Положение на участке бригады вскоре снова осложнилось. Я направился в пулеметное подразделение, которое держало оборону в Университетском городке, у моста на реке Мансанарес. Много раз фашисты пытались штурмом взять его, но пулеметчики стойко оборонялись. Особенно мужественно действовал расчет моего приятеля Мигеля. Мигель сильно переживал трагедию своей Испании. Он верил в победу республиканцев, но одно его постоянно тревожило.
- Как ты думаешь, Павлито? - обратился он ко мне. - Ведь плохо, что силы республики распылены? Анархисты, радикалы, социалисты - у всех своя платформа. Конечно, мы считаемся единым фронтом, но не действуем еще по-настоящему едино. Вот взять хотя бы анархистов. Конечно, есть у них части, которые воюют просто здорово, командир Дурутти настоящий патриот, жизни не пожалеет за Испанию. Что правда, то правда. Но их идеология… Посмотри: Франческа на что уж была убежденная анархистка, а что мне пишет…
Мигель показал письмо. Франческа с горечью писала о мародерстве анархистов в освобожденной ими деревне: "Они дискредитируют своими действиями мечту простых тружеников о социализме… По теории выходит - так и надо… Что-то не все правильно у наших теоретиков… Надо будет в этом еще разобраться…"
- Я уверен, что она в этом скоро разберется, - грустно улыбнулся Мигель. - Это будет мой самый счастливый день.
Нашу беседу прервала команда: "К бою!" Мигель бросился к пулемету. Я - на наблюдательный пункт, достал бинокль.
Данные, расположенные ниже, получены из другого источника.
(* Let $\mathcal{V}$ be a finite set of nodes, $\mathcal{P}$ a finite set of labels with $|\mathcal{P}|\ge 2$, $\mathcal{E}$ a set of unordered pairs of nodes, $\theta_{ip}\in\mathbb{R}$, and associative pairwise potentials $\theta_{ij}(p,q)=-C_{ij,p}[p=q]$ with $C_{ij,p}\ge0$. Let $$L(\vec{y},\vec{\lambda})=\sum_{i\in\mathcal{V}}\sum_{p\in\mathcal{P}}\theta_{ip}y_{ip}-\sum_{\{i,j\}\in\mathcal{E}}\sum_{p\in\mathcal{P}}C_{ij,p}\,y_{ip}y_{jp}+\sum_{i\in\mathcal{V}}\lambda_i\Big(\sum_{p\in\mathcal{P}}y_{ip}-1\Big)$$ for $\vec y\in\{0,1\}^{\mathcal V\times\mathcal P}$, $\vec\lambda\in\mathbb{R}^{\mathcal V}$. Consider the following coordinate ascent algorithm started from any $\vec\lambda_0$: set $\vec\lambda:=\vec\lambda_0$; repeat the following pass until a pass makes no change: for each node $j\in\mathcal V$, compute for every $p\in\mathcal P$ the quantity $\delta^j_p=MM_{jp,0}-MM_{jp,1}$, where $MM_{jp,k}=\min\{L(\vec y,\vec\lambda):y_{jp}=k\}$ (with the current $\vec\lambda$); let $\delta^j_{(1)}$ be the largest of the $\delta^j_p$ (attained at $p^{(1)}_j$) and $\delta^j_{(2)}$ the largest over $p\ne p^{(1)}_j$; if $\delta^j_{(1)}$ and $\delta^j_{(2)}$ are of the same sign (both positive or both negative), set $\lambda_j:=\lambda_j+\tfrac12(\delta^j_{(1)}+\delta^j_{(2)})$ and mark the pass as having made a change. Then the point $\vec\lambda$ returned by the algorithm (upon termination) satisfies the weak agreement condition.
   Context: For $\vec\lambda\in\mathbb{R}^{\mathcal V}$, $i\in\mathcal V$, $p\in\mathcal P$, define $Z_{ip}(\vec\lambda)=\{z\in\{0,1\}:\ \exists\,\vec y^{\vec\lambda}\in\operatorname{Argmin}_{\vec y\in\{0,1\}^{\mathcal V\times\mathcal P}}L(\vec y,\vec\lambda)\text{ with }y^{\vec\lambda}_{ip}=z\}$. A point $\vec\lambda$ satisfies the weak agreement condition if for every node $i\in\mathcal V$: (1) there exists $p\in\mathcal P$ with $1\in Z_{ip}(\vec\lambda)$; and (2) for every $p\in\mathcal P$, if $Z_{ip}(\vec\lambda)=\{1\}$ then $0\in Z_{iq}(\vec\lambda)$ for all $q\ne p$. *)

From HB Require Import structures.
From mathcomp Require Import all_boot all_order all_algebra.
Set Implicit Arguments. Unset Strict Implicit. Unset Printing Implicit Defensive.
Import Order.TTheory GRing.Theory Num.Theory.
Local Open Scope ring_scope.

Section MRF.
Variables (R : realFieldType) (V P : finType).
Variable theta : V -> P -> R.
(* edges: unordered pairs {i,j} of nodes, represented as 2-element sets *)
Variable E : {set {set V}}.
Variable C : {set V} -> P -> R.

Definition labeling := {ffun V * P -> bool}.

Definition yv (y : labeling) (i : V) (p : P) : R := (y (i, p) : nat)%:R.

Definition L (y : labeling) (lam : V -> R) : R :=
  \sum_(i : V) \sum_(p : P) theta i p * yv y i p
  - \sum_(e in E) \sum_(p : P) C e p * \prod_(i in e) yv y i p
  + \sum_(i : V) lam i * (\sum_(p : P) yv y i p - 1).

(* a labeling with y_{jp} = k (witness of feasibility) *)
Definition yfix (j : V) (p : P) (k : bool) : labeling :=
  [ffun x => if x == (j, p) then k else false].

Definition MM (lam : V -> R) (j : V) (p : P) (k : bool) : R :=
  \big[Num.min/L (yfix j p k) lam]_(y : labeling | y (j, p) == k) L y lam.

Definition delta (lam : V -> R) (j : V) (p : P) : R :=
  MM lam j p false - MM lam j p true.

Definition node_update (lam : V -> R) (j : V) : option (V -> R) :=
  match [pick p : P] with
  | None => None
  | Some p0 =>
    let p1 := Order.arg_max p0 predT (delta lam j) in
    match [pick q : P | q != p1] with
    | None => None
    | Some q0 =>
      let p2 := Order.arg_max q0 (fun q => q != p1) (delta lam j) in
      let d1 := delta lam j p1 in
      let d2 := delta lam j p2 in
      if ((0 < d1) && (0 < d2)) || ((d1 < 0) && (d2 < 0)) then
        Some (fun v => if v == j then lam j + (d1 + d2) / 2 else lam v)
      else None
    end
  end.

Definition pass_step (st : (V -> R) * bool) (j : V) : (V -> R) * bool :=
  match node_update st.1 j with
  | Some lam' => (lam', true)
  | None => st
  end.

Definition pass (ord : seq V) (lam : V -> R) : (V -> R) * bool :=
  foldl pass_step (lam, false) ord.

(* returns ord lam0 lam : the algorithm started at lam0 terminates and
   returns lam *)
Inductive returns (ord : seq V) : (V -> R) -> (V -> R) -> Prop :=
  | returns_stop lam0 : (pass ord lam0).2 = false ->
      returns ord lam0 (pass ord lam0).1
  | returns_cont lam0 lam : (pass ord lam0).2 = true ->
      returns ord (pass ord lam0).1 lam -> returns ord lam0 lam.

Definition is_argmin (lam : V -> R) (y : labeling) : Prop :=
  forall y' : labeling, L y lam <= L y' lam.

Definition Zset (lam : V -> R) (i : V) (p : P) (z : bool) : Prop :=
  exists y : labeling, is_argmin lam y /\ y (i, p) = z.

Definition weak_agreement (lam : V -> R) : Prop :=
  forall i : V,
    (exists p : P, Zset lam i p true) /\
    (forall p : P, (Zset lam i p true /\ ~ Zset lam i p false) ->
       forall q : P, q != p -> Zset lam i q false).

End MRF.

From HB Require Import structures.
From mathcomp Require Import all_boot all_order all_algebra.
Import Order.TTheory GRing.Theory Num.Theory.
Local Open Scope ring_scope.
Set Implicit Arguments.

(* A label value z lies in Z_{jp}(lam) exactly when its min-marginal is the
   smaller one, so 1 \in Z_{jp} iff delta_{jp} >= 0 and 0 \in Z_{jp} iff
   delta_{jp} <= 0.  When the algorithm stops, no node is updated, so at every
   node the two largest deltas are not of the same strict sign: the largest is
   >= 0 and all the others are <= 0.  Its label then has 1 in Z, and every other
   label has 0 in Z, which is weak agreement. *)

Section CoordinateAscent.
Variables (R : realFieldType) (V P : finType).
Variables (theta : V -> P -> R) (E : {set {set V}}) (C : {set V} -> P -> R).

Local Notation L := (L theta E C).
Local Notation MM := (MM theta E C).
Local Notation delta := (delta theta E C).
Local Notation Zset := (Zset theta E C).
Local Notation node_update := (node_update theta E C).
Local Notation pass_step := (pass_step theta E C).
Local Notation pass := (pass theta E C).

Lemma MM_le lam j p k (y : labeling V P) : y (j, p) = k -> MM lam j p k <= L y lam.
Proof. by move=> yk; rewrite /MM (bigD1 y) /= ?yk // ge_min lexx. Qed.

Lemma MM_attained lam j p k :
  exists2 y : labeling V P, y (j, p) = k & L y lam = MM lam j p k.
Proof.
rewrite /MM; apply: (big_ind (fun m => exists2 y : labeling V P, y (j, p) = k & L y lam = m)).
- by exists (yfix j p k); rewrite // /yfix ffunE eqxx.
- by move=> m1 m2 [y1 ? ?] [y2 ? ?]; case: leP => _; [exists y1 | exists y2].
- by move=> y /eqP; exists y.
Qed.

Lemma ZsetE lam j p k : Zset lam j p k <-> MM lam j p k <= MM lam j p (~~ k).
Proof.
split=> [[y [ymin yk]] | MMk_le].
  have [y' y'k <-] := MM_attained lam j p (~~ k).
  by apply: le_trans (ymin y'); apply: MM_le.
have [y yk Ly] := MM_attained lam j p k.
exists y; split=> // y'; rewrite Ly.
case: (boolP (y' (j, p) == k)) => [/eqP | y'Nk]; first exact: MM_le.
by apply: (le_trans MMk_le); apply: MM_le; move: y'Nk; case: (y' _); case: (k).
Qed.

Lemma Zset1_delta lam j p : Zset lam j p true <-> 0 <= delta lam j p.
Proof. by rewrite /delta subr_ge0; apply: ZsetE. Qed.

Lemma Zset0_delta lam j p : Zset lam j p false <-> delta lam j p <= 0.
Proof. by rewrite /delta subr_le0; apply: ZsetE. Qed.

Lemma foldl_pass_step_unchanged (s : seq V) (st : (V -> R) * bool) :
  (foldl pass_step st s).2 = false ->
  [/\ st.2 = false, (foldl pass_step st s).1 = st.1
     & {in s, forall j, node_update st.1 j = None}].
Proof.
elim: s st => [|x s IHs] st //= /IHs [x_flag -> Hs].
have no_upd : node_update st.1 x = None.
  by move: x_flag; rewrite /pass_step; case: (node_update _ _).
have step_id : pass_step st x = st by rewrite /pass_step no_upd.
rewrite step_id in x_flag Hs *; split=> // j.
by rewrite inE => /predU1P [-> | /Hs].
Qed.

Lemma returns_no_update ord lam0 lam :
  returns theta E C ord lam0 lam -> {in ord, forall j, node_update lam j = None}.
Proof.
by elim=> // lam1; rewrite /pass => /foldl_pass_step_unchanged [_ ->].
Qed.

Lemma node_update_None_sign lam j : (1 < #|P|)%N -> node_update lam j = None ->
  exists p1, 0 <= delta lam j p1 /\ forall q, q != p1 -> delta lam j q <= 0.
Proof.
move=> P_gt1; rewrite /node_update.
case: pickP => [p0 _ | P0]; last by move: P_gt1; rewrite (eq_card0 P0).
set p1 := Order.arg_max p0 predT _.
have p1_max q : delta lam j q <= delta lam j p1 by rewrite /p1; case: arg_maxP => // ? _; apply.
case: pickP => [q0 q0Np1 | only_p1]; last first.
  suff : (#|P| <= 1)%N by rewrite leqNgt P_gt1.
  rewrite -(card1 p1); apply/subset_leq_card/subsetP => x _.
  by move: (only_p1 x); rewrite inE => /negbFE.
set p2 := Order.arg_max q0 _ _.
have p2_max q : q != p1 -> delta lam j q <= delta lam j p2.
  by rewrite /p2; case: arg_maxP => // ? _; apply.
case: ifP => // not_same_sign _; exists p1; split.
  rewrite leNgt; apply/negP => d1_lt0.
  by move: not_same_sign; rewrite d1_lt0 (le_lt_trans (p1_max p2) d1_lt0) orbT.
move=> q /p2_max /le_trans; apply; rewrite leNgt; apply/negP => d2_gt0.
by move: not_same_sign; rewrite d2_gt0 (lt_le_trans d2_gt0 (p1_max p2)).
Qed.

Lemma weak_agreement_at lam i p1 :
  0 <= delta lam i p1 -> (forall q, q != p1 -> delta lam i q <= 0) ->
  (exists p, Zset lam i p true) /\
  (forall p, Zset lam i p true /\ ~ Zset lam i p false ->
     forall q, q != p -> Zset lam i q false).
Proof.
move=> d1_ge0 others_le0; split; first by exists p1; apply/Zset1_delta.
move=> p [_ /Zset0_delta p_not0] q qNp; apply/Zset0_delta.
have p_eq_p1 : p = p1 by apply/eqP/negP => /negP pNp1; apply/p_not0/others_le0.
by apply: others_le0; rewrite -p_eq_p1.
Qed.

End CoordinateAscent.

Theorem theorem3 (R : realFieldType) (V P : finType)
  (theta : V -> P -> R) (E : {set {set V}}) (C : {set V} -> P -> R)
  (ord : seq V) (lam0 lam : V -> R) :
  (1 < #|P|)%N ->
  (forall e, e \in E -> #|e| = 2%N) ->
  (forall e p, e \in E -> 0 <= C e p) ->
  perm_eq ord (enum V) ->
  returns theta E C ord lam0 lam ->
  weak_agreement theta E C lam.
Proof.
move=> P_gt1 _ _ ord_enum terminates i.
have no_upd : node_update theta E C lam i = None.
  by apply: (returns_no_update terminates); rewrite (perm_mem ord_enum) mem_enum.
have [p1 [d1_ge0 others_le0]] := @node_update_None_sign _ _ _ theta E C _ _ P_gt1 no_upd.
exact: @weak_agreement_at _ _ _ theta E C _ _ _ d1_ge0 others_le0.
Qed.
Перед нами цепью наступала марокканская пехота мятежников. Высокие шапки, белые шаровары с широким поясом, огромные кинжалы, дикие крики - все производило удручающее впечатление. Подвыпившие, они скачками приближались к мосту. Семьсот, пятьсот, триста метров - Мигель открыл огонь.
Он стрелял короткими очередями по первой шеренге, потом по последней. Десятки трупов легли на дороге к мосту. На мгновение марокканцы растерялись и залегли. Но сбоку по нашим ударил тяжелый крупнокалиберный пулемет врага. Помощник Мигеля уткнулся головой в землю. Потом со стороны противника стала бить пушка, и третий снаряд разорвался рядом с пулеметом. Ранило Мигеля. Он пытался приподняться, но потерял сознание. Пулемет молчал. Подбежавший к нему испанец никак не мог исправить "максим", и марокканцы снова поднялись в атаку.
До моста им оставалось совсем немного. Республиканский солдат, отчаявшись наладить пулемет, взялся за винтовку. Вот уже первый вражеский пехотинец показался в створе моста. Я бросился с наблюдательного пункта нашей группы к пулемету. Ленту заело, перекос. Я с силой ударил ладонью по рукоятке - и лента встала на место. В прорезь прицела увидел набегавших марокканцев, они что-то воинственно кричали. Нажал на пуговку - один марокканец ткнулся в настил моста. Еще одна короткая очередь!.. Это вам за Мигеля. "Максим" работал безотказно. На мосту образовалась свалка: первые ряды марокканцев отпрянули и столкнулись с задними. Некоторые, спасаясь, стали без раздумий прыгать в реку.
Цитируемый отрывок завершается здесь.